## ABOUT THIS TASK
Reproduce the entries shown below only from the line with "by case: (boolP (a <= c)%O) => //" down to the line with "Lemma eq_in_stepup n", keeping both end lines and copying each one exactly.

BEGIN

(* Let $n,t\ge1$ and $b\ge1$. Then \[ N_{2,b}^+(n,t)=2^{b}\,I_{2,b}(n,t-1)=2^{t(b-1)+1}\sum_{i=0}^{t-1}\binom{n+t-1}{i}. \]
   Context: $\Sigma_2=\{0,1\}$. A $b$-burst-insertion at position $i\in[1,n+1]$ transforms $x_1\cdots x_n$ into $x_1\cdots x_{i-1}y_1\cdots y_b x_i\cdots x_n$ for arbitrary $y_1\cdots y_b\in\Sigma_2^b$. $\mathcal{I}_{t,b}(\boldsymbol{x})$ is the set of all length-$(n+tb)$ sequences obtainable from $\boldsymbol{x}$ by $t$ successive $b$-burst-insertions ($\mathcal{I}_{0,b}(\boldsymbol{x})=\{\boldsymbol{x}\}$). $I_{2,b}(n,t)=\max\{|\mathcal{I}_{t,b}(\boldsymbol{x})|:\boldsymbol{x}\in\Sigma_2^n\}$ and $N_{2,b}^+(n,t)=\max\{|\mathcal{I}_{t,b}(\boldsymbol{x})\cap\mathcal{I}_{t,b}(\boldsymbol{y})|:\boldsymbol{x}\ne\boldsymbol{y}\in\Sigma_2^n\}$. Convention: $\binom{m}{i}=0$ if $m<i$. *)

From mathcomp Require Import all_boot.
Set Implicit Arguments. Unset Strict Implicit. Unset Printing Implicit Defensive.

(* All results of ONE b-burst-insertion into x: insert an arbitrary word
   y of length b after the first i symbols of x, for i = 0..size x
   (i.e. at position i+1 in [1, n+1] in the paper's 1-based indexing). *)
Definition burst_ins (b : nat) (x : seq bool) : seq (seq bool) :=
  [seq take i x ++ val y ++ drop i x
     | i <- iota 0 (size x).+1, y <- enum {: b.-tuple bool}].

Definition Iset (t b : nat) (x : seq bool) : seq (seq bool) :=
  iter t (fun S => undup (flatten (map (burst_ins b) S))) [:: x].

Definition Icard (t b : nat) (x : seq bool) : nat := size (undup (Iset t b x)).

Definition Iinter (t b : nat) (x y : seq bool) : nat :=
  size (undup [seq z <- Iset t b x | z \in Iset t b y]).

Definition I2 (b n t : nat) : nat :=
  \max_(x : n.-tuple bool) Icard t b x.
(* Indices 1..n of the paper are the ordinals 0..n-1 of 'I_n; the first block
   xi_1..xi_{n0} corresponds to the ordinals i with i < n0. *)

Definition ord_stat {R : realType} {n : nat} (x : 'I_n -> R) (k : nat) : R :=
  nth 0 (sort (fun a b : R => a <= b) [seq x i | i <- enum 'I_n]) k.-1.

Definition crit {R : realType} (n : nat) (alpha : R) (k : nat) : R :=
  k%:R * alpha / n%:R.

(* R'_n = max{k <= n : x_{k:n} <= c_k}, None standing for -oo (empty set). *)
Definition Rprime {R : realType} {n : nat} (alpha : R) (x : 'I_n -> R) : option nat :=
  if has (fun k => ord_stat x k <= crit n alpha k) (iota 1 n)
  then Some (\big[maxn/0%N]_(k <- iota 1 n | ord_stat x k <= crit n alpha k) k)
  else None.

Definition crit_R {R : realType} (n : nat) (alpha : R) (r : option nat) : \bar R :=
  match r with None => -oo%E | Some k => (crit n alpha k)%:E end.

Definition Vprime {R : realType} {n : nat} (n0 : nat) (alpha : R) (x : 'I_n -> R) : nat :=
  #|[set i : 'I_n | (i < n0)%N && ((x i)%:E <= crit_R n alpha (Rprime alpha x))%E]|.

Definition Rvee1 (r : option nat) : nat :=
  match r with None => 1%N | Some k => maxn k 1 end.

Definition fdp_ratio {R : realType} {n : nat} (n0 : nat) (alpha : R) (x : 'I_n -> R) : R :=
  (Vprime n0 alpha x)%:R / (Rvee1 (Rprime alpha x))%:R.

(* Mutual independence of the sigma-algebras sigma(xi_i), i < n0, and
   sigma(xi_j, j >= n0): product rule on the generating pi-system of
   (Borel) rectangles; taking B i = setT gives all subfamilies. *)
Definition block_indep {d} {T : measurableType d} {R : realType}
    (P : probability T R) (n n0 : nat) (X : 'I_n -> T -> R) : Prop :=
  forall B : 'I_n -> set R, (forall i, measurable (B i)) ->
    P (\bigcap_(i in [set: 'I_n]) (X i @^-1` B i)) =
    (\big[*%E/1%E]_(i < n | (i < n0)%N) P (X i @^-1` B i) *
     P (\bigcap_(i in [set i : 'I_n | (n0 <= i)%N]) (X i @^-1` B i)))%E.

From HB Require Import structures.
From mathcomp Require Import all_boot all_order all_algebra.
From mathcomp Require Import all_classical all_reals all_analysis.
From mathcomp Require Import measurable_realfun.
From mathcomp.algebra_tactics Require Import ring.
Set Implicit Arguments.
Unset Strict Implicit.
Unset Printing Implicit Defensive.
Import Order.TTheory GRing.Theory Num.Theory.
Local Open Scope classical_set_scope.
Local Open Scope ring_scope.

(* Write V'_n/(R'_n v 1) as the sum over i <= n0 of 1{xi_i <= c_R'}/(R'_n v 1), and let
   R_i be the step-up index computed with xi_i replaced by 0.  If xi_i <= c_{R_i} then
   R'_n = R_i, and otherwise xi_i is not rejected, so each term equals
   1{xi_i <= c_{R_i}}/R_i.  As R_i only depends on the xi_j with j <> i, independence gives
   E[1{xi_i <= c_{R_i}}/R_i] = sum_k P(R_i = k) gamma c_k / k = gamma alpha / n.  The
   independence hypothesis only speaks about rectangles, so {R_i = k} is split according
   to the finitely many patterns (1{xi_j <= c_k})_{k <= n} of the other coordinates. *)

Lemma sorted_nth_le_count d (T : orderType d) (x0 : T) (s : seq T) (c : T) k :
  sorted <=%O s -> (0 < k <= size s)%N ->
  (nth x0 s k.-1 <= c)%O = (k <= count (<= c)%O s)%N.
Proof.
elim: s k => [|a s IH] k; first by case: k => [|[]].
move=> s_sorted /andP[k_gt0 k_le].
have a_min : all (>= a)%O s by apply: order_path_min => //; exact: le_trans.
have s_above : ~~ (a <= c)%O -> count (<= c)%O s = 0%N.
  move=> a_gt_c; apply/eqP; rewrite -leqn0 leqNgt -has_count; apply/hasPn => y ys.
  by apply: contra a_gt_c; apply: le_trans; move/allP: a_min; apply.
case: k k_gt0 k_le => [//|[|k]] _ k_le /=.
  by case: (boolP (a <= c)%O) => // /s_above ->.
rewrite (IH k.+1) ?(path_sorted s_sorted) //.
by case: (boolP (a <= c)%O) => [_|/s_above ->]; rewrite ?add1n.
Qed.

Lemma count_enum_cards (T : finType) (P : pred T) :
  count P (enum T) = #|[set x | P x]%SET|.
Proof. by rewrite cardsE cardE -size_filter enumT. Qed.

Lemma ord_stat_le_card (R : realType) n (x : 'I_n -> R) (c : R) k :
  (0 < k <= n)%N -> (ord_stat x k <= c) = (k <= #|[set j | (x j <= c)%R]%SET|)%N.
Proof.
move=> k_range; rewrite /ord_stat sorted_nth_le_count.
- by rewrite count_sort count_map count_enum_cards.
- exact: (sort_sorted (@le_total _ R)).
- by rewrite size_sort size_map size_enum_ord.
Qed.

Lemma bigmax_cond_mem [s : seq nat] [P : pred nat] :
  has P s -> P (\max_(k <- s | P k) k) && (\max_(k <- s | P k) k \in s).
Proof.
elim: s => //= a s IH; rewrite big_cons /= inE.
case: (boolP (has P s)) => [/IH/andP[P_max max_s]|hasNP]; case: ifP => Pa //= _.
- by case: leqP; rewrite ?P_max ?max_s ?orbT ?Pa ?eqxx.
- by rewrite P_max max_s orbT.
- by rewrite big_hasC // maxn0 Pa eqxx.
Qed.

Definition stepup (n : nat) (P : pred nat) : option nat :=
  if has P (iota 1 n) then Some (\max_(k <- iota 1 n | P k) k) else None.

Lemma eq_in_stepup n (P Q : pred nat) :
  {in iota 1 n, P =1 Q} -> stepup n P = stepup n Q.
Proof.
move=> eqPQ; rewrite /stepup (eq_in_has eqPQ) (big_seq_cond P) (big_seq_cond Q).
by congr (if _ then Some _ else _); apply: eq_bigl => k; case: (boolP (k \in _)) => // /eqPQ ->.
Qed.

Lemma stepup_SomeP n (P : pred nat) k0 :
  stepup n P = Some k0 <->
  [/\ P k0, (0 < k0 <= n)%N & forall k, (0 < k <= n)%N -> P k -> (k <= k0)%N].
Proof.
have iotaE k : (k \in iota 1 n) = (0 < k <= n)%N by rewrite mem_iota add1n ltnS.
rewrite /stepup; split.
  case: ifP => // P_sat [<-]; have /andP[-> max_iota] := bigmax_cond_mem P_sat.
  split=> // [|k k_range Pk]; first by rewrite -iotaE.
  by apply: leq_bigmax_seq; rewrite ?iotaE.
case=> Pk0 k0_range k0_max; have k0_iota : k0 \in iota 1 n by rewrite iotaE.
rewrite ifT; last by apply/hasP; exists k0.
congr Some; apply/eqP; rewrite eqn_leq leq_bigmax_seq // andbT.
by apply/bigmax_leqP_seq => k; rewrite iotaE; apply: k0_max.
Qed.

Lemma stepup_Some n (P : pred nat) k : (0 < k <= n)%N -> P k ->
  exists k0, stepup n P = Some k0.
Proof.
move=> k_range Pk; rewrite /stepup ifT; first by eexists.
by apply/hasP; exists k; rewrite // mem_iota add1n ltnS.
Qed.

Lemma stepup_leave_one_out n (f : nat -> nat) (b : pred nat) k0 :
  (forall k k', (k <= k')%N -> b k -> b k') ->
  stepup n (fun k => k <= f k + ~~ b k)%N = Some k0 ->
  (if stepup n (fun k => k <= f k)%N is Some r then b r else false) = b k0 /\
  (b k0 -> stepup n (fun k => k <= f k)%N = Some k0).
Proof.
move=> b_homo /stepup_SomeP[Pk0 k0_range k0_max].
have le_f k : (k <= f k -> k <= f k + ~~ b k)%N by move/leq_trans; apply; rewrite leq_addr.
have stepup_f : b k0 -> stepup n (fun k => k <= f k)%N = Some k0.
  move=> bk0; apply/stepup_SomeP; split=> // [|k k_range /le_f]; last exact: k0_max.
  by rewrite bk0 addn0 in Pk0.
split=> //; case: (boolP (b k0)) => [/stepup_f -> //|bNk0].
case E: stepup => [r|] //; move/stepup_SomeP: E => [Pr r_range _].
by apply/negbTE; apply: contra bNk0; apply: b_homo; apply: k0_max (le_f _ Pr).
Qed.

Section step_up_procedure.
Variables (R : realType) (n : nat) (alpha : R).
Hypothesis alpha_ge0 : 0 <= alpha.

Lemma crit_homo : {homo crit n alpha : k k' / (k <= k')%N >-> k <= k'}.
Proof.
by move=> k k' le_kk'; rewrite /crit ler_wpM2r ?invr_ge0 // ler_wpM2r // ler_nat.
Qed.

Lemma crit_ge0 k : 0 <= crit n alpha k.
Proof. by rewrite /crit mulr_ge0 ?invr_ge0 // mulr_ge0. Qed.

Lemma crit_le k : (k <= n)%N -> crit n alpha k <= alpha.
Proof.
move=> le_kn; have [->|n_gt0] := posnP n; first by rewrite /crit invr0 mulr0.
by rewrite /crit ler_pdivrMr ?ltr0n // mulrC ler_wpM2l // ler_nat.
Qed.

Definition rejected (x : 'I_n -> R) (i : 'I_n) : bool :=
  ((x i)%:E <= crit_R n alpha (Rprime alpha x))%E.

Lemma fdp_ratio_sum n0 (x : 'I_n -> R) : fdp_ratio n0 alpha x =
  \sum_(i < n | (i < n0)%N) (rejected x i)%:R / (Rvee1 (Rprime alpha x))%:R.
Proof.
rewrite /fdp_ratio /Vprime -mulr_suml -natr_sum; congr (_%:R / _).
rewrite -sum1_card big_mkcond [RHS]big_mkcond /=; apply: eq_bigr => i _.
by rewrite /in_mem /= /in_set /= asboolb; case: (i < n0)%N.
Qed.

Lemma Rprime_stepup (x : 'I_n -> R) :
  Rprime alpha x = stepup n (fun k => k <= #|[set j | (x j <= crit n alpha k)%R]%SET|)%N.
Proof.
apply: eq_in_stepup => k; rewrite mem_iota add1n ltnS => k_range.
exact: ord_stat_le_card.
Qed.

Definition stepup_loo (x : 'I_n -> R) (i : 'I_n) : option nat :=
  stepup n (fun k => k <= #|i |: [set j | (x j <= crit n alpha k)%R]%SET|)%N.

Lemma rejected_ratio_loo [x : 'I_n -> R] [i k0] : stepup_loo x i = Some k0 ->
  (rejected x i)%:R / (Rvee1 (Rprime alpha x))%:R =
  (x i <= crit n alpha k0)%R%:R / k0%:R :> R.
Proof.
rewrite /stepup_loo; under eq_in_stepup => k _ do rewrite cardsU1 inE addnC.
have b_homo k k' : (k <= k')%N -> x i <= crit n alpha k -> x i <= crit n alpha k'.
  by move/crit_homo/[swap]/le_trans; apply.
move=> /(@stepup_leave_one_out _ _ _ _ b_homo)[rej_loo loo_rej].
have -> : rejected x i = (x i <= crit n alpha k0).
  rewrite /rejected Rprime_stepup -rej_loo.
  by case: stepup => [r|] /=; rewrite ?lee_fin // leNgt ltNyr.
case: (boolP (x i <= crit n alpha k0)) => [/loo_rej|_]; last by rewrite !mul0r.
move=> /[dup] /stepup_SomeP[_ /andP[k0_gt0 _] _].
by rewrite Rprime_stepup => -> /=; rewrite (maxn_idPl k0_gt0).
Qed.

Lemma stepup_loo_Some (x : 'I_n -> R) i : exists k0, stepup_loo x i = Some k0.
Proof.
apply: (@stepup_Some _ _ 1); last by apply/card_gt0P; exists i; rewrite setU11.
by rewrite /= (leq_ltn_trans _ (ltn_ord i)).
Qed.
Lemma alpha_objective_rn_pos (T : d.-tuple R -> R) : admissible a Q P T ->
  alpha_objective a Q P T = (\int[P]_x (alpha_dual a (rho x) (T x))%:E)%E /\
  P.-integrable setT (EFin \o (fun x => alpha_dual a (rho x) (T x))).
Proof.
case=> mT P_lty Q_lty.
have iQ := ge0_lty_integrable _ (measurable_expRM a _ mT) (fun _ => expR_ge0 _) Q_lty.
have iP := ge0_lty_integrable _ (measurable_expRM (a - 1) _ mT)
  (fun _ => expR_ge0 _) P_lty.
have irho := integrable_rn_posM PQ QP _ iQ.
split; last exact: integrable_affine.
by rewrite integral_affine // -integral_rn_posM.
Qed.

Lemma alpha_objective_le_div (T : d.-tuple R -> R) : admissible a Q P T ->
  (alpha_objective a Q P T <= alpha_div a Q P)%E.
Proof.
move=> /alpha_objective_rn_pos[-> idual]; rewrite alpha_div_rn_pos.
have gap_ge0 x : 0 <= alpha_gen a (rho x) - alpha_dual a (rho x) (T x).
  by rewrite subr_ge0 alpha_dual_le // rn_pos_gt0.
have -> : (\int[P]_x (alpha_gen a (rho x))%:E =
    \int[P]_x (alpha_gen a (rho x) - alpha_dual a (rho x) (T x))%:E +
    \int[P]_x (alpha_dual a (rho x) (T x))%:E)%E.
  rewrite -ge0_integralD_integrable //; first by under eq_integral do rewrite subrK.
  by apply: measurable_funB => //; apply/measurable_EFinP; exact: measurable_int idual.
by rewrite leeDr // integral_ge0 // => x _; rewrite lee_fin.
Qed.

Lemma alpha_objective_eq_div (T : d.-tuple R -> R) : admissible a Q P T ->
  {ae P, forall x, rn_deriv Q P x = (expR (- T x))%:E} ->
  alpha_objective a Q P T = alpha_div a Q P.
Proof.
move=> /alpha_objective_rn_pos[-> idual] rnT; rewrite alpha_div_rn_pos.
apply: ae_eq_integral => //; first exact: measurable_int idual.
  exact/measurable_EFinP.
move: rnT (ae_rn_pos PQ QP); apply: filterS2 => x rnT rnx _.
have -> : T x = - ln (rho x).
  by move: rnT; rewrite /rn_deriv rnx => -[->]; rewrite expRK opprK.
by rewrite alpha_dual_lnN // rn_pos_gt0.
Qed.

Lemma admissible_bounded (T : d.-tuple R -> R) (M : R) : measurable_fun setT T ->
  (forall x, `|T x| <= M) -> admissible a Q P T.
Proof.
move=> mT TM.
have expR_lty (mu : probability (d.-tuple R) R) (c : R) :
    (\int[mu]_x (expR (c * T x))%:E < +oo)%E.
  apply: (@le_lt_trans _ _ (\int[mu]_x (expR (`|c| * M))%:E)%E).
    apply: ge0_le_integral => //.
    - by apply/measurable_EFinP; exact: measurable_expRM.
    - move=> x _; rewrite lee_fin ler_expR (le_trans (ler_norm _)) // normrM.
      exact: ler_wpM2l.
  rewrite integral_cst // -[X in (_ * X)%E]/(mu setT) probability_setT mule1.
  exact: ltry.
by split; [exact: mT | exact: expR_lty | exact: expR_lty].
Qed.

END

## SOLVED PROBLEM
  by case: (boolP (a <= c)%O) => // /s_above ->.
rewrite (IH k.+1) ?(path_sorted s_sorted) //.
by case: (boolP (a <= c)%O) => [_|/s_above ->]; rewrite ?add1n.
Qed.

Lemma count_enum_cards (T : finType) (P : pred T) :
  count P (enum T) = #|[set x | P x]%SET|.
Proof. by rewrite cardsE cardE -size_filter enumT. Qed.

Lemma ord_stat_le_card (R : realType) n (x : 'I_n -> R) (c : R) k :
  (0 < k <= n)%N -> (ord_stat x k <= c) = (k <= #|[set j | (x j <= c)%R]%SET|)%N.
Proof.
move=> k_range; rewrite /ord_stat sorted_nth_le_count.
- by rewrite count_sort count_map count_enum_cards.
- exact: (sort_sorted (@le_total _ R)).
- by rewrite size_sort size_map size_enum_ord.
Qed.

Lemma bigmax_cond_mem [s : seq nat] [P : pred nat] :
  has P s -> P (\max_(k <- s | P k) k) && (\max_(k <- s | P k) k \in s).
Proof.
elim: s => //= a s IH; rewrite big_cons /= inE.
case: (boolP (has P s)) => [/IH/andP[P_max max_s]|hasNP]; case: ifP => Pa //= _.
- by case: leqP; rewrite ?P_max ?max_s ?orbT ?Pa ?eqxx.
- by rewrite P_max max_s orbT.
- by rewrite big_hasC // maxn0 Pa eqxx.
Qed.

Definition stepup (n : nat) (P : pred nat) : option nat :=
  if has P (iota 1 n) then Some (\max_(k <- iota 1 n | P k) k) else None.

Lemma eq_in_stepup n (P Q : pred nat) :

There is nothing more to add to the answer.